The zeta potential (ζ) represents the electrical potential at the interface between a particle and the surrounding liquid (containing salt and hence behaving as an electrolyte) within the electric double layer, serving as a key indicator of NP dispersion stability. Dispersions with absolute zeta potential values greater than 30 – 40 mV are considered stable due to strong electrostatic repulsion. The PS NP influent containing SDS exhibited good colloidal stability, with a zeta potential of –45.87 mV (Table S5). Following aggregation, the zeta potential increased to −23.33 mV (Alg LN 1:1) to −8.44 mV (Alg LN 1:3), reflecting loss of stability. In addition, an increase in conductivity and a reduction in electrophoretic mobility implied that electrostatic screening and charge neutralization might be one of the drivers of NP aggregation. Unlike AlgLN 1:0 and AlgLN 1:1, the unusually high conductivity of AlgLN 1:3 (4.15 mS/cm) was attributed to the cryogel beads disintegrating into powder due to their weaker structural strength, suggesting that high salt concentrations should be avoided in cryogel fabrication. Although this may raise concerns about the method’s robustness, the 1:0 and 1:1 formulations remained intact with no signs of disintegration.

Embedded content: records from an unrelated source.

(* Let $q$ be a power of $2$. Then in ${\rm PG}(4,q)$ there exist a set $\mathcal L$ of $q^3+1$ pairwise skew lines and a set $\mathcal P$ of $q^3+1$ planes any two of which intersect in exactly one point, such that no line of $\mathcal L$ is contained in a plane of $\mathcal P$. *)

From mathcomp Require Import all_boot all_order all_algebra all_field.
Set Implicit Arguments. Unset Strict Implicit. Unset Printing Implicit Defensive.
Import GRing.Theory.
Local Open Scope ring_scope.

(* PG(n,F) is modelled by the lattice of subspaces of F^(n+1) = 'rV[F]_(n.+1).
   Points = 1-dim subspaces, lines = 2-dim, planes = 3-dim. *)
Definition PG_line (F : fieldType) (n : nat) (U : {vspace 'rV[F]_n.+1}) : Prop :=
  \dim U = 2%N.
Definition PG_plane (F : fieldType) (n : nat) (U : {vspace 'rV[F]_n.+1}) : Prop :=
  \dim U = 3%N.
Definition skew_lines (F : fieldType) (n : nat) (U V : {vspace 'rV[F]_n.+1}) : Prop :=
  (U :&: V)%VS = 0%VS.
Definition meet_in_one_point (F : fieldType) (n : nat) (U V : {vspace 'rV[F]_n.+1}) : Prop :=
  \dim (U :&: V) = 1%N.

From mathcomp Require Import all_boot all_order all_algebra all_field.
From mathcomp Require Import ring.

(* Fix a cubic X^3 - c2 X^2 - c1 X - c0 without roots in F, let S be the shift
   (a1, a2, a3) |-> (a2, a3, c0 a1 + c1 a2 + c2 a3) of the associated linear recurrence
   and C its transpose.  Neither has an eigenvalue, so s a + t S a = 0 forces s = t = 0
   or a = 0, and a, C a are independent for a <> 0.  Hence the q^3 lines {(u, u M(a))},
   M(a) with rows a and S a, are pairwise skew, and the q^3 planes
   {(x.(b + C b), - x.(C b), x)} pairwise meet in a point.  Swapping one regulus of
   lines and adding the plane <e0, e1, e3> completes both families to q^3 + 1 members.
   No line lies in a plane, by the identity a.(C b) = (S a).b. *)

Set Implicit Arguments.
Unset Strict Implicit.
Unset Printing Implicit Defensive.
Import GRing.Theory.

Lemma pairwise_irrefl_inj (I : eqType) (T : Type) (R : T -> T -> Prop) (f : I -> T) :
  (forall i, ~ R (f i) (f i)) -> (forall i j, i <> j -> R (f i) (f j)) -> injective f.
Proof.
move=> irrR Rf i j fij; have [//|/eqP neq_ij] := eqVneq i j.
by have := Rf i j neq_ij; rewrite fij => /irrR.
Qed.

Lemma neq_triple (T : eqType) (x1 x2 x3 y1 y2 y3 : T) :
  Some (x1, x2, x3) <> Some (y1, y2, y3) -> [|| x1 != y1, x2 != y2 | x3 != y3].
Proof. by apply: contra_notT => /norP[/negPn/eqP-> /norP[/negPn/eqP-> /negPn/eqP->]]. Qed.

Section FieldFacts.
Local Open Scope ring_scope.

Lemma exists_rootless_cubic (F : finFieldType) :
  exists c0 c1 c2 : F, forall m : F, m ^+ 3 != c2 * m ^+ 2 + c1 * m + c0.
Proof.
(* A coefficient triple with root m is g (m, c1, c2); by counting, g cannot be onto. *)
pose g (x : F * F * F) := (x.1.1 ^+ 3 - x.2 * x.1.1 ^+ 2 - x.1.2 * x.1.1, x.1.2, x.2).
have g_not_inj : ~ {in predT &, injective g}.
  move=> /(_ (0, 0, 1) (1, 0, 1) isT isT) g01.
  have [/eqP] : (0, 0, 1) = (1, 0, 1) :> F * F * F.
    by apply: g01; rewrite /g /=; congr (_, _, _); ring.
  by rewrite eq_sym oner_eq0.
have /existsP[[[c0 c1] c2] /forallP rootless] :
    [exists c : F * F * F, [forall m, m ^+ 3 != c.2 * m ^+ 2 + c.1.2 * m + c.1.1]].
  apply: contraT => /existsPn has_root; case: g_not_inj; apply/image_injP.
  rewrite eqn_leq leq_image_card; apply/subset_leq_card/subsetP => -[[c0 c1] c2] _.
  have /forallPn[m /negPn/eqP /= root_m] := has_root (c0, c1, c2).
  have -> : (c0, c1, c2) = g (m, c1, c2).
    by rewrite /g /= root_m; congr (_, _, _); ring.
  exact: image_f.
by exists c0, c1, c2.
Qed.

Mechanism of NP aggregation and removal

We analyzed all experimental results to understand how NPs were aggregated and removed from water. One possible mechanism involves the release of Ca²⁺ ions from calcium alginate cryogels. Under normal conditions, NPs remain stable in suspension due to strong electrostatic repulsion, which counteracts van der Waals forces and hydrophobic interactions (Fig. 4a). However, as Ca²⁺ ions are released from the cryogel beads, they can neutralize the negative surface charge of the NPs, thereby reducing electrostatic repulsion and promoting clustering (Fig. 4b). This is supported by the observed decrease in both zeta potential and particle mobility (Table S5). When the cryogel beads were added into the NP dispersion, the initial absence of a hydration shell around the cryogel beads surfaces, alongside with the destabilization of electrostatic forces, allows the van der Waals and hydrophobic interactions to effectively enable NP adhesion and clustering on the bead surfaces. As a result, NPs begin to form aggregates (Fig. 4c).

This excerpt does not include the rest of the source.